I feel like characterising Pandas as "improving on" Numpy/SciPy misses much of the point. Numpy/Scipy are quite focussed on efficient numeric calculation and solving numeric problems of the sort that scientists and engineers often solve. If your problem starts out with formulae and involves numerical solution from there, you're probably good with those two.

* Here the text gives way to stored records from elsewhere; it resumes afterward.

(* Let $h$ be a line tree whose nodes each test a dimension distinct from their ancestors, with set of tested dimensions $d_h$, and let $x$ satisfy $h(x)=l_h$. Then for any $x'$ such that, for all $a\in d_h$, $x'_a\le x_a$ if $f_h(a)=\mathrm{prefix}$ and $x_a\le x'_a$ if $f_h(a)=\mathrm{suffix}$, we have $h(x')=l_h$.
   Context: A line tree is a decision tree (each internal node compares one coordinate with a threshold, each leaf carries a label in $\{0,1\}$) in which every internal node has at least one leaf child, and all leaves except the deepest carry the same label while the deepest leaf carries the opposite label; $l_h$ denotes the label of the deepest leaf. $d_h$ is the set of dimensions tested by nodes of $h$. For $a\in d_h$, $f_h(a)=\mathrm{prefix}$ if at the node testing $a$ the samples with $x_a$ below the threshold are directed toward the leaf labeled $l_h$, and $f_h(a)=\mathrm{suffix}$ if the samples with $x_a$ above the threshold are directed toward that leaf. *)

From mathcomp Require Import all_boot all_order all_algebra.
Set Implicit Arguments. Unset Strict Implicit. Unset Printing Implicit Defensive.
Import Order.TTheory GRing.Theory Num.Theory.
Local Open Scope ring_scope.

Inductive dtree (n : nat) (R : Type) : Type :=
| Leaf of bool
| Node of 'I_n & R & dtree n R & dtree n R.
Arguments Leaf {n R}.
Arguments Node {n R}.

Fixpoint eval_tree (n : nat) (R : realDomainType) (h : dtree n R)
    (x : 'I_n -> R) : bool :=
  match h with
  | Leaf b => b
  | Node a t L Rt => if x a <= t then eval_tree L x else eval_tree Rt x
  end.

Fixpoint dims (n : nat) (R : Type) (h : dtree n R) : seq 'I_n :=
  match h with
  | Leaf _ => [::]
  | Node a _ L Rt => a :: dims L ++ dims Rt
  end.

Fixpoint distinct_dims (n : nat) (R : Type) (h : dtree n R) : bool :=
  match h with
  | Leaf _ => true
  | Node a _ L Rt =>
      [&& a \notin dims L, a \notin dims Rt, distinct_dims L & distinct_dims Rt]
  end.

Definition is_leaf_lbl (n : nat) (R : Type) (h : dtree n R) (b : bool) : bool :=
  if h is Leaf c then c == b else false.

(* line_tree h l : h is a line tree whose deepest leaf carries label l (= l_h). *)
Inductive line_tree (n : nat) (R : Type) : dtree n R -> bool -> Prop :=
| LT_leaf (l : bool) : line_tree (Leaf l) l
| LT_base_l (a : 'I_n) (t : R) (l : bool) :
    line_tree (Node a t (Leaf l) (Leaf (~~ l))) l
| LT_base_r (a : 'I_n) (t : R) (l : bool) :
    line_tree (Node a t (Leaf (~~ l)) (Leaf l)) l
| LT_step_l (a : 'I_n) (t : R) (h : dtree n R) (l : bool) :
    line_tree h l -> ~~ is_leaf_lbl h l -> line_tree (Node a t h (Leaf (~~ l))) l
| LT_step_r (a : 'I_n) (t : R) (h : dtree n R) (l : bool) :
    line_tree h l -> ~~ is_leaf_lbl h l -> line_tree (Node a t (Leaf (~~ l)) h) l.

(* f_h(a): at the (first) node testing a, [Some true] = prefix (samples below
   the threshold, i.e. going left, are directed toward the leaf labelled l),
   [Some false] = suffix (samples above the threshold, going right, are).
   The child toward the deepest leaf is the child that is not the side leaf
   labelled ~~ l.  [None] if a is not tested. *)
Fixpoint fdir (n : nat) (R : Type) (h : dtree n R) (l : bool) (c : 'I_n)
    : option bool :=
  match h with
  | Leaf _ => None
  | Node a _ L Rt =>
      if a == c then Some (~~ is_leaf_lbl L (~~ l))
      else if is_leaf_lbl L (~~ l) then fdir Rt l c else fdir L l c
  end.

Definition dir_prefix := true.
Definition dir_suffix := false.

From mathcomp Require Import all_boot all_order all_algebra.
Import Order.TTheory GRing.Theory Num.Theory.
Local Open Scope ring_scope.

Set Implicit Arguments.
Unset Strict Implicit.
Unset Printing Implicit Defensive.

(* Along a line tree every node has a side leaf labelled ~~ l_h, so a sample
   classified l_h must leave each node through the child toward the deepest
   leaf, i.e. x_a <= t at a prefix node and x_a > t at a suffix node.  Moving
   x_a in the direction f_h(a) keeps these inequalities, and since no
   dimension is tested twice on the path, the moves at different nodes do not
   interfere; x' therefore follows the same path to the deepest leaf. *)

Section LineTreeShape.

Variables (n : nat) (R : Type).
Implicit Types (h L : dtree n R) (l : bool).

Lemma line_tree_not_leaf_neg h l : line_tree h l -> is_leaf_lbl h (~~ l) = false.
Proof. by case=> //= c; case: c. Qed.

(* The side conditions of [line_tree] are irrelevant for induction: the base
   nodes are spine nodes over the leaf [Leaf l]. *)
Lemma line_tree_spine_ind (P : dtree n R -> bool -> Prop) :
  (forall l, P (Leaf l) l) ->
  (forall a t L l, line_tree L l -> P L l -> P (Node a t L (Leaf (~~ l))) l) ->
  (forall a t L l, line_tree L l -> P L l -> P (Node a t (Leaf (~~ l)) L) l) ->
  forall h l, line_tree h l -> P h l.
Proof.
move=> Pleaf Pl Pr h0 l0; elim=> [l|a t l|a t l|a t h l hl Ph _|a t h l hl Ph _].
- exact: Pleaf.
- by apply: Pl; [exact: LT_leaf | exact: Pleaf].
- by apply: Pr; [exact: LT_leaf | exact: Pleaf].
- exact: Pl.
- exact: Pr.
Qed.

Lemma fdir_spine_l a t L l c : line_tree L l ->
  fdir (Node a t L (Leaf (~~ l))) l c =
  if a == c then Some dir_prefix else fdir L l c.
Proof. by move=> /line_tree_not_leaf_neg /= ->. Qed.

Lemma fdir_spine_r a t L l c :
  fdir (Node a t (Leaf (~~ l)) L) l c =
  if a == c then Some dir_suffix else fdir L l c.
Proof. by rewrite /= eqxx. Qed.

End LineTreeShape.

Section LineTreeEval.

Variables (n : nat) (R : realDomainType).
Implicit Types (h L : dtree n R) (l : bool) (x : 'I_n -> R).

Definition toward_deepest_leaf h l x (x' : 'I_n -> R) :=
  forall a : 'I_n, a \in dims h ->
    (fdir h l a = Some dir_prefix -> x' a <= x a) /\
    (fdir h l a = Some dir_suffix -> x a <= x' a).

Lemma toward_deepest_leaf_spine_l a t L l x x' :
  line_tree L l -> a \notin dims L ->
  toward_deepest_leaf (Node a t L (Leaf (~~ l))) l x x' ->
  x' a <= x a /\ toward_deepest_leaf L l x x'.
Proof.
move=> hL aL tow; split.
  by have [+ _] := tow a (mem_head _ _); rewrite fdir_spine_l // eqxx => /(_ erefl).
move=> b bL; have ab : (a == b) = false by apply: contraNF aL => /eqP ->.
by have := tow b; rewrite fdir_spine_l // ab inE cats0 bL orbT => /(_ isT).
Qed.

Lemma toward_deepest_leaf_spine_r a t L l x x' :
  a \notin dims L ->
  toward_deepest_leaf (Node a t (Leaf (~~ l)) L) l x x' ->
  x a <= x' a /\ toward_deepest_leaf L l x x'.
Proof.
move=> aL tow; split.
  by have [_] := tow a (mem_head _ _); rewrite fdir_spine_r eqxx => /(_ erefl).
move=> b bL; have ab : (a == b) = false by apply: contraNF aL => /eqP ->.
by have := tow b; rewrite fdir_spine_r ab inE bL orbT => /(_ isT).
Qed.

Lemma eval_spine_l_le a t L l x :
  eval_tree (Node a t L (Leaf (~~ l))) x = l -> x a <= t.
Proof. by rewrite /=; case: ifP => //; case: l. Qed.

Lemma eval_spine_r_gt a t L l x :
  eval_tree (Node a t (Leaf (~~ l)) L) x = l -> t < x a.
Proof. by rewrite /= ltNge; case: ifP => //; case: l. Qed.

End LineTreeEval.

Theorem lemma22 (n : nat) (R : realDomainType) (h : dtree n R) (lh : bool)
    (x x' : 'I_n -> R) :
  line_tree h lh ->
  distinct_dims h ->
  eval_tree h x = lh ->
  (forall a : 'I_n, a \in dims h ->
     (fdir h lh a = Some dir_prefix -> x' a <= x a) /\
     (fdir h lh a = Some dir_suffix -> x a <= x' a)) ->
  eval_tree h x' = lh.
Proof.
move: h lh; apply: line_tree_spine_ind => [//|a t L l hL IH|a t L l hL IH].
- move=> + hx tow; rewrite /= andbT => /andP[aL dL].
  have [x'a towL] := toward_deepest_leaf_spine_l hL aL tow.
  have xa := eval_spine_l_le hx.
  rewrite (le_trans x'a xa); apply: IH => //.
  by move: hx => /=; rewrite xa.
- move=> + hx tow; rewrite /= => /andP[aL dL].
  have [xx'a towL] := toward_deepest_leaf_spine_r aL tow.
  have xa := eval_spine_r_gt hx.
  rewrite leNgt (lt_le_trans xa xx'a); apply: IH => //.
  by move: hx => /=; rewrite leNgt xa.
Qed.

Pandas is much more aligned with problems that start with data stored in files or databases and which contain strings as well as numbers. Consider the problem of reading data from a database query. In Pandas, you can
read_sql_query
directly and have a usable version of the data in one line. There is no equivalent functionality in Numpy/SciPy.
For data featuring strings or discrete rather than continuous data, there is no equivalent to the
groupby
capability, or the database-like joining of tables on matching values.
对于时间序列来说,使用日期时间索引可以使
处理时间序列数据更加方便,您可以平滑地重新采样到不同的间隔,填充值并且非常容易地绘制系列。
由于我的许多问题最初都在电子表格中出现,因此我也非常感激在
.xls
和
.xlsx
格式中相对透明地处理Excel文件的
统一接口。
此外,还有更大的生态系统,例如seaborn等软件包,使得比基本的numpy/scipy工具更流畅的统计分析和模型拟合成为可能。